Trump’s Strategic Plan vs NY Times’ Fearmongering: A Critical Analysis



Economy watch: Trump Has a Plan

“A recent MSNBC opinion piece” inadvertently explained “the benefits” of the Trump economic plan, points out Andy Puzder at Fox News. The piece complained that “ ‘Trump is obsessed with the macroeconomics’ ” and has a “ ‘big-picture, 10,000-foot view of the economy.’ ” Huh? “No one should criticize a presidential candidate” for being “ ‘obsessed’ with addressing macroeconomic issues such as inflation, wages, interest rates, economic growth and the deficit,” issues central to people’s voting decisions. Harris “has no plan” for those issues, except she has “unabashedly praised the current plan, a failed big government hodgepodge of massive spending and increased regulatory pressure called Bidenomics,” which put us in this mess. Trump’s plan involves “cutting taxes, slashing growth-killing regulations, and incentivizing domestic energy production, including fossil fuels.”

From the right: Dishonest Times Fearmongering

“The New York Times has always charged Trump with demagoguery,” but now makes his “allegedly darkening rhetoric an obsessive theme,” though “Democrats routinely traffic in fear-mongering” against the right, seethes City Journal’s Heather Mac Donald. The Times’ “crusade” just reached “a new level of duplicity” as it claimed Trump has “openly suggested turning the military on American citizens simply because they oppose his candidacy.” In fact, “Trump said no such thing”; the quote the Times cites was in response to a question about “the possibility of riots breaking out if Trump wins.” It is the media’s “dishonesty, not Trump’s worldview, that is becoming increasingly dark and that threatens the possibility of civil coexistence.”

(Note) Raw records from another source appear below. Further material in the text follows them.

Theorem mainTheorem3 (R : realType) (A B X : completeNormedModType (Cplx R))
    (mulA : A -> A -> A) (oneA : A) (mulB : B -> B -> B) (oneB : B)
    (la : A -> X -> X) (ra : X -> B -> X) :
  unital_banach_algebra mulA oneA ->
  unital_banach_algebra mulB oneB ->
  left_banach_module mulA oneA la ->
  left_function_module mulA oneA la ->
  right_banach_module mulB oneB ra ->
  right_function_module mulB oneB ra ->
  forall (a : A) (x : X) (b : B), ra (la a x) b = la a (ra x b).
Proof.
(* Only the linearity of the actions and their representations on [C(K)]
   are needed. *)
move=> _ _ [_ laL _ _ _] [K1 [_ _ [i1 [th [hi1 hth hact1]]]]]
  [_ raL _ _ _] [K2 [_ _ [i2 [ps [hi2 hps hact2]]]]] a x b.
apply/eqP; rewrite -subr_eq0; apply/eqP.
apply: extreme_functionals_separate => u /[dup] uext [[hu _] _].
have hact2' y : i2 (ra y b) = fun k => ps b k * i2 y k.
  by rewrite hact2; apply: funext => k; rewrite mulrC.
have [al [be hT]] := extreme_functional_multiplier (linear_isometry_CK_rnorm hi1)
  uext (contractive_hom_cmod_le hth a) (hact1 a).
have [ga [de hS]] := extreme_functional_multiplier (linear_isometry_CK_rnorm hi2)
  uext (contractive_hom_cmod_le hps b) hact2'.
rewrite (rlinearB _ _ hu) (rlinear_eigen_commute hu _ _ hT hS) ?subrr //.
- exact: scalable_linear (fun k => laL k a).
- exact: scalable_linear (fun k => raL k b).
Qed.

Foreign desk: A Perilous ‘Escalation’ Phobia

“When it comes to war, President Biden and Vice President Kamala Harris couldn’t be more self-contradictory,” marvels Shay Khatiri at The Wall Street Journal. They tout their “unwavering commitments” to Israel and Ukraine but “hedge by trying to restrain Israelis and Ukrainians.” Why? They are “extremely risk-averse” about “escalation.” Yet their fears always “prove baseless,” and anyway, “escalation prevention isn’t the political objective of war; victory is. Escalation management is a tool that serves a political purpose.” If Harris becomes president, “expect more of the same” — and that “bodes ill for America’s national security and global stability.” Iran will “almost certainly” keep threatening regional war. “Vladimir Putin will test her by returning to nuclear threats.” Fact is: “The phobia of escalation will only invite more war.”

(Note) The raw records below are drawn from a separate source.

Definition growth_equiv (f g : nat -> nat) : Prop := growth_le f g /\ growth_le g f.

Definition exponential (f : nat -> nat) : Prop := growth_equiv f (fun n => 2 ^ n).

(* Upper bound: at most (2|Sigma| + 1)^n words have length at most n, so at most that
   many Aut(V)-orbits meet the n-ball.

   Lower bound: the order of an element is invariant under automorphisms, so it is enough
   to find, for every d <= 2^n, an element of order d and word length O(n).  An element
   that permutes d cones c, c_1, ..., c_(d-1) rigidly and cyclically and fixes every other
   point has order d.  Composing it with the element swapping the two halves of c gives
   such a cycle of 2d cones; composing it with an element swapping c with a cone outside
   the cycle gives a cycle of d + 1 cones.  Conjugating by a fixed element of V then puts
   the cycle back into a standard position (first cone 00, all cones inside 0), so
   following the binary expansion of d every digit costs a bounded number of generators. *)

From Stdlib Require Import Arith List Lia ClassicalEpsilon FunctionalExtensionality Classical.
Import ListNotations.

(** * Cones and rigid maps *)

Definition shift (k : nat) (x : Cantor) : Cantor := fun i => x (k + i).

Lemma cat_word_in_cone w y : in_cone w (cat_word w y).
Proof.
  intros i Hi. unfold cat_word. apply Nat.ltb_lt in Hi. now rewrite Hi.
Qed.

Lemma cat_word_shift w x : in_cone w x -> cat_word w (shift (length w) x) = x.
Proof.
  intros Hx. apply functional_extensionality. intro i. unfold cat_word, shift.
  destruct (i <? length w) eqn:E.
  - apply Nat.ltb_lt in E. symmetry. now apply Hx.
  - apply Nat.ltb_ge in E. f_equal. lia.
Qed.

Lemma shift_cat_word w y : shift (length w) (cat_word w y) = y.
Proof.
  apply functional_extensionality. intro i. unfold cat_word, shift.
  destruct (length w + i <? length w) eqn:E.
  - apply Nat.ltb_lt in E. lia.
  - f_equal. lia.
Qed.

Lemma cat_word_app u v y : cat_word (u ++ v) y = cat_word u (cat_word v y).
Proof.
  apply functional_extensionality. intro i. unfold cat_word. rewrite length_app.
  destruct (Nat.lt_ge_cases i (length u)) as [Hu | Hu].
  - rewrite (proj2 (Nat.ltb_lt i (length u))), (proj2 (Nat.ltb_lt i _)) by lia.
    now apply app_nth1.
  - rewrite (proj2 (Nat.ltb_ge i (length u))) by lia. rewrite app_nth2 by lia.
    destruct (i - length u <? length v) eqn:E.
    + apply Nat.ltb_lt in E. now rewrite (proj2 (Nat.ltb_lt i _)) by lia.
    + apply Nat.ltb_ge in E. rewrite (proj2 (Nat.ltb_ge i _)) by lia. f_equal. lia.
Qed.

Lemma shift_cat_word_le k w y :
  k <= length w -> shift k (cat_word w y) = cat_word (skipn k w) y.
Proof.
  intros Hk. rewrite <- (firstn_skipn k w), cat_word_app at 1.
  rewrite <- (firstn_length_le w Hk) at 1. apply shift_cat_word.
Qed.

Lemma in_cone_app u v x :
  in_cone (u ++ v) x <-> in_cone u x /\ in_cone v (shift (length u) x).
Proof.
  split.
  - intros H. split.
    + intros i Hi. rewrite H by (rewrite length_app; lia). now apply app_nth1.
    + intros i Hi. unfold shift. rewrite H by (rewrite length_app; lia).
      rewrite app_nth2 by lia. f_equal. lia.
  - intros [Hu Hv] i Hi. rewrite length_app in Hi.
    destruct (Nat.lt_ge_cases i (length u)).
    + rewrite app_nth1 by assumption. now apply Hu.
    + rewrite app_nth2 by assumption. rewrite <- Hv by lia. unfold shift. f_equal. lia.
Qed.

Lemma in_cone_nested u v x :
  in_cone u x -> in_cone v x -> length u <= length v -> exists r, v = u ++ r.
Proof.
  intros Hu Hv Hl. exists (skipn (length u) v).
  apply nth_ext with (d := false) (d' := false).
  - rewrite length_app, length_skipn. lia.
  - intros i Hi. destruct (Nat.lt_ge_cases i (length u)).
    + rewrite app_nth1 by assumption. rewrite <- Hu, <- Hv by lia. reflexivity.
    + rewrite app_nth2, nth_skipn by assumption. f_equal. lia.
Qed.

Lemma in_cone_snoc c x : in_cone c x -> in_cone (c ++ [x (length c)]) x.
Proof.
  intros Hc. apply in_cone_app. split; [assumption |].
  intros [|i] Hi; [| simpl in Hi; lia]. unfold shift. now rewrite Nat.add_0_r.
Qed.

Lemma in_cone_head b w x : in_cone (b :: w) x -> x 0 = b.
Proof. intros H. apply H. simpl. lia. Qed.

Lemma in_cone_two a b x : x 0 = a -> x 1 = b -> in_cone [a; b] x.
Proof. intros H0 H1 [| [| i]] Hi; simpl in Hi |- *; auto; lia. Qed.

Lemma maps_rigidly_app f u v w : maps_rigidly f u v -> maps_rigidly f (u ++ w) (v ++ w).
Proof. intros H y. rewrite !cat_word_app. apply H. Qed.

Lemma maps_rigidly_in_cone f u v x : maps_rigidly f u v -> in_cone u x -> in_cone v (f x).
Proof.
  intros H Hx. rewrite <- (cat_word_shift u x Hx), H. apply cat_word_in_cone.
Qed.

Lemma maps_rigidly_compose f g u v w :
  maps_rigidly g u v -> maps_rigidly f v w -> maps_rigidly (compose f g) u w.
Proof. intros Hg Hf y. unfold compose. now rewrite Hg, Hf. Qed.

Lemma maps_rigidly_inverse f g u v :
  (forall x, g (f x) = x) -> maps_rigidly f u v -> maps_rigidly g v u.
Proof. intros K H y. now rewrite <- H, K. Qed.

Lemma maps_rigidly_fixed f u : (forall x, in_cone u x -> f x = x) -> maps_rigidly f u u.
Proof. intros H y. apply H, cat_word_in_cone. Qed.

Definition disjoint_cones (u v : list bool) : Prop :=
  forall x, in_cone u x -> in_cone v x -> False.

Lemma disjoint_cones_app u v u' v' :
  disjoint_cones u v -> disjoint_cones (u ++ u') (v ++ v').
Proof. intros H x Hu Hv. apply in_cone_app in Hu, Hv. now apply (H x). Qed.

Lemma disjoint_cones_branch c : disjoint_cones (c ++ [false]) (c ++ [true]).
Proof.
  intros x H0 H1. apply in_cone_app, proj2, in_cone_head in H0.
  apply in_cone_app, proj2, in_cone_head in H1. congruence.
Qed.

Lemma disjoint_cones_head u v : disjoint_cones (false :: u) (true :: v).
Proof. intros x H0 H1. apply in_cone_head in H0, H1. congruence. Qed.

(** * Thompson's group V *)

Definition locally_rigid (f : Cantor -> Cantor) : Prop :=
  forall x, exists w1 w2, in_cone w1 x /\ maps_rigidly f w1 w2.

Lemma locally_rigid_continuous f : locally_rigid f -> continuous_C f.
Proof.
  intros H x n. destruct (H x) as [w1 [w2 [Hx Hw]]]. exists (length w1 + n).
  intros y Hy. assert (Hyc : in_cone w1 y).
  { intros i Hi. rewrite Hy by lia. now apply Hx. }
  rewrite <- (cat_word_shift w1 x Hx), <- (cat_word_shift w1 y Hyc), !Hw.
  intros i Hi. unfold cat_word, shift.
  destruct (i <? length w2) eqn:E; [reflexivity |].
  apply Nat.ltb_ge in E. apply Hy. lia.
Qed.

Eye on Albany: Hochul’s Energy Double Standard

Coca-Cola last year announced plans for a massive “milk-processing facility in Monroe County,” with “few details on how such an energy-intensive operation could fit within Albany’s strict climate rules”— and, fumes the Empire Center’s Ken Girardin, “it won’t have to” explain. The milk plant, a project touted by Gov. Hochul, won the state Public Service Commission’s OK to use “natural gas to run the plant.” Yet that conflicts with “the state’s greenhouse gas goals,” and the PSC is “invoking” the Climate Leadership and Community Protection Act “as a weapon against proposals to improve gas availability or reliability” for others. New York state now has two types of projects: “those scuttled because of CLCPA, and those getting the all-clear from high places to proceed despite it.”

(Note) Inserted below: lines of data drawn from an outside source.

(* Let $\mathcal{A}=(\Sigma,Q,\Delta,I,F)$ be a trim automaton and $m=|\Delta|$. There exists a regular expression $R$ such that $Gl(R)$ is a topological coding of $\mathcal{A}$. Moreover, the size of $R$ is in $O(m^2)$, $R$ contains exactly one Kleene star, and the number of transitions of $Gl(R)$ is in $O(m^2)$.
   Context: An automaton $(\Sigma,Q,\Delta,I,F)$ has $\Delta\subseteq Q\times\Sigma\times Q$; it is trim if every state is reachable from an initial state and co-reachable to a final state. A computation is an alternating sequence of states and transitions $(q_0,\delta_1,q_1,\dots,\delta_k,q_k)$ with $\delta_j=(q_{j-1},a_j,q_j)$; source $q_0$, target $q_k$, label $a_1\cdots a_k$; a state is internal if it occurs at a position other than first and last. Regular expressions: $R::=\varepsilon\mid a\mid R^*\mid R\cdot R\mid R+R$. A linearisation $R'$ replaces each atom occurrence by a distinct fresh position from $\Gamma$, with $\overline\alpha$ the original letter; $Gl(R)$ is the trim part of $(\Sigma,\{i\}\uplus\Gamma,\Delta',\{i\},F')$ with $\Delta'=\{(\alpha,\overline\beta,\beta):\exists u,v,\ u\alpha\beta v\in L(R')\}\cup\{(i,\overline\alpha,\alpha):\exists u,\ \alpha u\in L(R')\}$, $F'=\{\alpha:\exists u,\ u\alpha\in L(R')\}\cup(\{i\}$ if $\varepsilon\in L(R'))$. Topological coding: $\mathcal{B}=(\Sigma_\mathcal{B},Q_\mathcal{B},\Delta_\mathcal{B},I_\mathcal{B},F_\mathcal{B})$ is a topological coding of $\mathcal{A}=(\Sigma_\mathcal{A},Q_\mathcal{A},\Delta_\mathcal{A},I_\mathcal{A},F_\mathcal{A})$ if there exist words $u_i,u_f\in\Sigma_\mathcal{B}^*$, an injective $\lambda:\Sigma_\mathcal{A}\to\Sigma_\mathcal{B}^+$ and an injective $\nu:Q_\mathcal{A}\to Q_\mathcal{B}$ such that, with $W^{\mathrm{init}}$ = computations of $\mathcal{B}$ with source in $I_\mathcal{B}$ and label $u_i$, $W^{\mathrm{trans}}$ = computations with source in $\mathrm{im}(\nu)$ and label in $\mathrm{im}(\lambda)$, $W^{\mathrm{final}}$ = computations with source in $\mathrm{im}(\nu)$ and label $u_f$, there exist bijections $\eta_i:I_\mathcal{A}\to W^{\mathrm{init}}$ (with $\eta_i(s)$ ending in $\nu(s)$ and no state at a non-last position of any $\eta_i(s)$ in $\mathrm{im}(\nu)$), $\eta:\Delta_\mathcal{A}\to W^{\mathrm{trans}}$ (with $\eta((s,a,t))$ starting in $\nu(s)$, labelled $\lambda(a)$, ending in $\nu(t)$, with no internal state in $\mathrm{im}(\nu)$), and $\eta_f:F_\mathcal{A}\to W^{\mathrm{final}}$ (with $\eta_f(s)$ ending in $F_\mathcal{B}$ and no state at a non-first position of any $\eta_f(s)$ in $\mathrm{im}(\nu)$), such that any two computations in $\mathrm{im}(\eta_i)\cup\mathrm{im}(\eta)\cup\mathrm{im}(\eta_f)$ sharing a transition or an internal state are equal. *)

From HB Require Import structures.
From mathcomp Require Import all_boot.
From mathcomp Require Import boolp.
Set Implicit Arguments. Unset Strict Implicit. Unset Printing Implicit Defensive.

Inductive regex (T : Type) : Type :=
| Eps : regex T
| Atom : T -> regex T
| Star : regex T -> regex T
| Cat : regex T -> regex T -> regex T
| Alt : regex T -> regex T -> regex T.
Arguments Eps {T}.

Campaign beat: Dems Driving Doubters to MAGA

“Vice President Kamala Harris, her surrogate Democrats and the left-leaning legacy media are all making me — a conservative who is not MAGA in any way — actively want to vote for former President Donald Trump,” confesses USA Today’s Ingrid Jacques. They emphasize her “potential to make history as the country’s first female president,” yet most people care more “about her policies — or lack thereof.” She “has so poorly defined what her presidency would look like and what she actually believes, she’s resorted to focusing squarely on Trump and what’s happened in the past.” Between the “nonsensical preaching on democracy, the media’s harping against Trump and liberals playing the woman card, I’ve had enough. And I may do exactly what they’re hoping people don’t: Vote for Trump.”